SQL is a special-purpose language designed for the creation and maintenance of data in relational databases.

Three languages-within-a-language offer everything you need to create, modify, maintain, and provide security for a relational database:

1. The Data Definition Language (DDL): The part of SQL that you use to create (completely define) a database, modify its structure, and destroy it when you no longer need it.

2. Data Manipulation Language (DML): DML Performs database maintenance.Using this powerful tool, you can specify what you want to do with the data in your database — enter it, change it, or extract it.
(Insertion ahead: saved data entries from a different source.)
Definition almost_odd_representable (R : realType) (n : nat)
    (h : {set 'I_n} -> R) : Prop :=
  exists (g : nat -> {set 'I_n} -> nat) (c : nat -> R),
    [/\ forall k, odd_representable (g k),
        forall k, 0 < c k &
        forall A : {set 'I_n}, (fun k => c k * ((g k A)%:R)) @ \oo --> h A].

Definition span_rank (F : fieldType) (vT : vectType F) (n : nat)
    (w : 'I_n -> vT) (A : {set 'I_n}) : nat :=
  \dim (\sum_(i in A) <[w i]>)%VS.

(* X_1 = {Y1,Y2,Y3,W1,W2,W3,W4}, generators in this order. *)
Definition X1_gens (F : fieldType) (vT : vectType F) (u1 u2 u3 : vT) : 'I_7 -> vT :=
  tnth [tuple u1; u2; u3; u1 + u2; u2 + u3; u1 + u2 + u3; u1 + u3].

(* X_2 = {Z1..Z5,V1..V8}, generators in this order. *)
Definition X2_gens (F : fieldType) (vT : vectType F) (u1 u2 u3 u4 u5 : vT)
    : 'I_13 -> vT :=
  tnth [tuple u1; u2; u3; u4; u5;
              u1 + u2 + u3; u3 + u4 + u5; u1 + u2; u1 + u3; u2 + u3;
              u3 + u4; u3 + u5; u4 + u5].

From HB Require Import structures.
From mathcomp Require Import all_boot all_order all_algebra all_field.
From mathcomp Require Import all_classical all_reals topology normedtype sequences.
From mathcomp Require Import ring zify.
Set Implicit Arguments. Unset Strict Implicit. Unset Printing Implicit Defensive.
Import Order.TTheory GRing.Theory Num.Theory.
Import numFieldNormedType.Exports.
Local Open Scope ring_scope.

(* Phi_1 is the Fano configuration and Phi_2 contains the non-Fano
   configuration on Z1, Z2, Z3, V1, V3, V4, V5.  Two linear rank inequalities
   separate the characteristics: the Fano inequality holds for subspaces over
   any field with 2 <> 0, the non-Fano inequality over any field with 2 = 0.
   Each comes from a containment of subspaces built from the span K of the
   relations a + b + c = 0 (a in A, b in B, c in C), proved by dividing by 2,
   resp. by using 2 = 0; the modular law and submodularity of dimension turn
   the containment into the inequality.  Linear inequalities survive positive
   scaling and limits, so they hold for almost odd, resp. almost even,
   representable functions, whereas Phi_1 violates the Fano and Phi_2 the
   non-Fano inequality. *)

Lemma coord_vbasis_inj (F : fieldType) (vT : vectType F) (x y : vT) :
  (forall j, coord (vbasis fullv) j x = coord (vbasis fullv) j y) -> x = y.
Proof.
move=> exy; rewrite (coord_vbasis (memvf x)) (coord_vbasis (memvf y)).
by apply: eq_bigr => i _; rewrite exy.
Qed.

(* Vector identities are checked coordinatewise, where they become ring identities. *)
Ltac vring := apply: coord_vbasis_inj => ?; rewrite ?linearE /=; ring.

Section DimensionInequalities.
Variables (F : fieldType) (vT : vectType F).
Implicit Types X Y W T Q : {vspace vT}.

Lemma dimv_cap_addv_le X Y W : (\dim (X :&: (Y + W)) <= \dim (X :&: Y) + \dim W)%N.
Proof.
have capXY : (X :&: (Y + W) :&: Y = X :&: Y)%VS.
  by rewrite -capvA (capv_idPr (addvSl Y W)).
have sub : (X :&: (Y + W) + Y <= Y + W)%VS by rewrite subv_add capvSr addvSl.
have := dimv_sum_cap (X :&: (Y + W)) Y; rewrite capXY.
have := dimvS sub; have := dimv_sum_cap Y W; lia.
Qed.

Lemma dimv_addv_submod X (X' : {vspace vT}) Y : (X' <= X)%VS ->
  (\dim (X + Y) + \dim X' <= \dim (X' + Y) + \dim X)%N.
Proof.
move=> sX'X; have := dimv_sum_cap (X' + Y) X.
rewrite -addvA [(Y + X)%VS]addvC addvA (addv_idPr sX'X).
have : (X' <= (X' + Y) :&: X)%VS by rewrite subv_cap addvSl.
move/dimvS; lia.
Qed.

Lemma dimv_capv_submod X T W : (X <= T)%VS ->
  (\dim X + \dim (T :&: W) <= \dim (X :&: W) + \dim T)%N.
Proof.
move=> sXT; have := dimv_sum_cap X (T :&: W).
rewrite capvA (capv_idPl sXT).
have : (X + T :&: W <= T)%VS by rewrite subv_add sXT capvSl.
move/dimvS; lia.
Qed.

Lemma dimv_cap_addv_subv_ge T X Q (Q' : {vspace vT}) :
  (Q' <= Q)%VS ->
  (\dim T + \dim (X + Q) + \dim Q' <= \dim (T :&: (X + Q')) + \dim (T + (X + Q)) + \dim Q)%N.
Proof.
move=> sQ'Q; have := dimv_sum_cap T (X + Q').
have := dimv_addv_submod X sQ'Q; rewrite ![(_ + X)%VS]addvC.
have : (T + (X + Q') <= T + (X + Q))%VS by rewrite !addvS.
move/dimvS; lia.
Qed.

End DimensionInequalities.

Section DependencySpace.
Variables (F : fieldType) (vT : vectType F).
Implicit Types A B C : {vspace vT}.

(* Spanned by the components of the relations [a + b + c = 0] with [a], [b], [c] in [A], [B], [C]. *)
Definition dep_space A B C := (A :&: (B + C) + B :&: (A + C) + C :&: (A + B))%VS.

Lemma dim_dep_space_le A B C :
  (\dim (dep_space A B C)
    <= \dim (A :&: (B + C)) + \dim (B :&: (A + C)) + \dim (C :&: (A + B)))%N.
Proof.
have := dimv_add_leqif (A :&: (B + C) + B :&: (A + C)) (C :&: (A + B)).
have := dimv_add_leqif (A :&: (B + C)) (B :&: (A + C)).
by move=> [le1 _] [le2 _]; rewrite /dep_space; lia.
Qed.

Lemma dep_space_diff A B C a a' b b' c c' :
  a \in A -> a' \in A -> b \in B -> b' \in B -> c \in C -> c' \in C ->
  a + b + c = a' + b' + c' ->
  [/\ a - a' \in dep_space A B C, b - b' \in dep_space A B C
    & c - c' \in dep_space A B C].
Proof.
move=> aA a'A bB b'B cC c'C e.
set x := a - a'; set y := b - b'; set z := c - c'.
have xA : x \in A := memvB aA a'A.
have yB : y \in B := memvB bB b'B.
have zC : z \in C := memvB cC c'C.
have xyz0 : x + (y + z) = 0.
  have -> : x + (y + z) = (a + b + c) - (a' + b' + c') by rewrite /x /y /z; vring.
  by rewrite e subrr.
have yzx0 : y + (x + z) = 0 by rewrite addrCA.
have zxy0 : z + (x + y) = 0 by rewrite addrC -addrA.
have in_sum (U V W : {vspace vT}) (u v w : vT) :
    u \in U -> v \in V -> w \in W -> u + (v + w) = 0 -> u \in (U :&: (V + W))%VS.
  move=> uU vV wW /eqP; rewrite addr_eq0 => /eqP uE.
  by rewrite memv_cap uU uE memvN memv_add.
split.
- by apply: (subvP (addvSl _ _)); apply: (subvP (addvSl _ _)); exact: in_sum xyz0.
- by apply: (subvP (addvSl _ _)); apply: (subvP (addvSr _ _)); exact: in_sum yzx0.
- by apply: (subvP (addvSr _ _)); exact: in_sum zxy0.
Qed.
End DependencySpace.

Section FanoSubspaces.
Variables (F : fieldType) (vT : vectType F) (A B C P Q T S : {vspace vT}).

Local Notation K := (dep_space A B C).
Local Notation P' := (P :&: (A + B))%VS.
Local Notation Q' := (Q :&: (B + C))%VS.
Local Notation S' := (S :&: (A + C) :&: (P' + Q'))%VS.
Local Notation Z := (P :&: (B + K) + Q :&: (B + K) + K)%VS.

(* The [A]-, [B]-, [C]-components of [t] are determined modulo [K]; comparing
   the decompositions of [t] through [A + Q'], [C + P'] and [B + S'] puts [2 b] in [Z]. *)
Lemma fano_cap_double t : t \in (T :&: (A + Q') :&: (C + P') :&: (B + S'))%VS ->
  exists2 b, t - b \in (A + C)%VS & b *+ 2 \in Z.
Proof.
move=> /memv_capP[/memv_capP[/memv_capP[_ /memv_addP[a aA [q qQ' Et1]]]
  /memv_addP[c cC [p pP' Et2]]] /memv_addP[b bB [s sS' Et3]]].
move: qQ' pP' sS' => /memv_capP[qQ /memv_addP[b1 b1B [c1 c1C Eq]]].
move=> /memv_capP[pP /memv_addP[a2 a2A [b2 b2B Ep]]].
move=> /memv_capP[/memv_capP[_ /memv_addP[a3 a3A [c3 c3C Es]]]].
move=> /memv_addP[p' /memv_capP[p'P /memv_addP[a4 a4A [b4 b4B Ep']]]].
move=> [q' /memv_capP[q'Q /memv_addP[b5 b5B [c5 c5C Eq']]] Es'].
exists b; first by rewrite Et3 (addrC b s) addrK Es memv_add.
have d1 : t = a + b1 + c1 by rewrite Et1 Eq addrA.
have d2 : t = a2 + b2 + c by rewrite Et2 Ep addrC.
have d3 : t = a3 + b + c3 by rewrite Et3 Es; vring.
have d4 : t = a4 + (b + b4 + b5) + c5 by rewrite Et3 Es' Ep' Eq'; vring.
have b'B : b + b4 + b5 \in B by rewrite !memvD.
have [_ _ Kc1c] := dep_space_diff aA a2A b1B b2B c1C cC (etrans (esym d1) d2).
have [_ Kb1b _] := dep_space_diff aA a3A b1B bB c1C c3C (etrans (esym d1) d3).
have [Ka2a4 _ _] := dep_space_diff a2A a4A b2B b'B cC c5C (etrans (esym d2) d4).
have [_ _ Kc1c5] := dep_space_diff aA a4A b1B b'B c1C c5C (etrans (esym d1) d4).
have pp'Z : p - p' \in (P :&: (B + K))%VS.
  rewrite memv_cap memvB //=.
  have -> : p - p' = (b2 - b4) + (a2 - a4) by rewrite Ep Ep'; vring.
  by apply: memv_add => //; exact: memvB.
have qq'Z : q - q' \in (Q :&: (B + K))%VS.
  rewrite memv_cap memvB //=.
  have -> : q - q' = (b1 - b5) + (c1 - c5) by rewrite Eq Eq'; vring.
  by apply: memv_add => //; exact: memvB.
have -> : b *+ 2 = (p - p') + (q - q') - (b1 - b) - (c1 - c).
  have -> : (p - p') + (q - q') = p + q - (p' + q') by vring.
  have pE : p = t - c by rewrite Et2 (addrC c p) addrK.
  have pqE : p' + q' = t - b by rewrite -Es' Et3 (addrC b s) addrK.
  by rewrite pE pqE Eq d1; vring.
have KZ : (K <= Z)%VS := addvSr _ _.
apply: memvB; last exact: subvP KZ _ Kc1c.
apply: memvB; last exact: subvP KZ _ Kb1b.
by apply: (subvP (addvSl _ K)); apply: memv_add.
Qed.

Lemma fano_capv_sub : (2%:R : F) != 0 ->
  (T :&: (A + Q') :&: (C + P') :&: (B + S') <= T :&: (A + C + Z))%VS.
Proof.
move=> two_neq0; apply/subvP => t tM; have [b tbAC b2Z] := fano_cap_double tM.
move: tM => /memv_capP[/memv_capP[/memv_capP[tT _] _] _].
rewrite memv_cap tT -(subrK b t) memv_add //.
by rewrite -[b]scale1r -(mulVf two_neq0) -scalerA scaler_nat memvZ.
Qed.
3. Data Control Language (DCL): DCL Protects your database from becoming corrupted. Used correctly, the DCL provides security for your database; the amount of protection depends on the implementation. If your implementation doesn’t provide sufficient protection, you must add that protection to your application program.

Creating tables
A database table is a two-dimensional array made up of rows and columns.
You can create a table by using the SQL CREATE TABLE command. Within the command, you specify the name and data type of each column.After you create a table, you can start loading it with data. (Loading data is a DML, not a DDL, function.) If requirements change, you can change a table’s structure by using the ALTER TABLE command. If a table outlives its usefulness or becomes obsolete, you can eliminate it with the DROP command. The various forms of the CREATE and ALTER commands, together with the DROP command, make up SQL’s DDL.

e.g.
CREATE TABLE CUSTOMER (
CustomerID INTEGER NOT NULL,
FirstName CHARACTER (15),
LastName CHARACTER (20) NOT NULL,
Street CHARACTER (25),
City CHARACTER (20),
State CHARACTER (2),
Zipcode INTEGER,
Phone CHARACTER (13) ) ;

The simplest use of the SELECT statement is to retrieve all the data in all the
rows of a specified table.

To do so, use the following syntax:

SELECT * FROM CUSTOMER ;

The asterisk (*) is a wildcard character that means everything. In this context,
the asterisk is a shorthand substitute for a listing of all the column names of the
CUSTOMER table. As a result of this statement, all the data in all the rows and
columns of the CUSTOMER table appear on-screen.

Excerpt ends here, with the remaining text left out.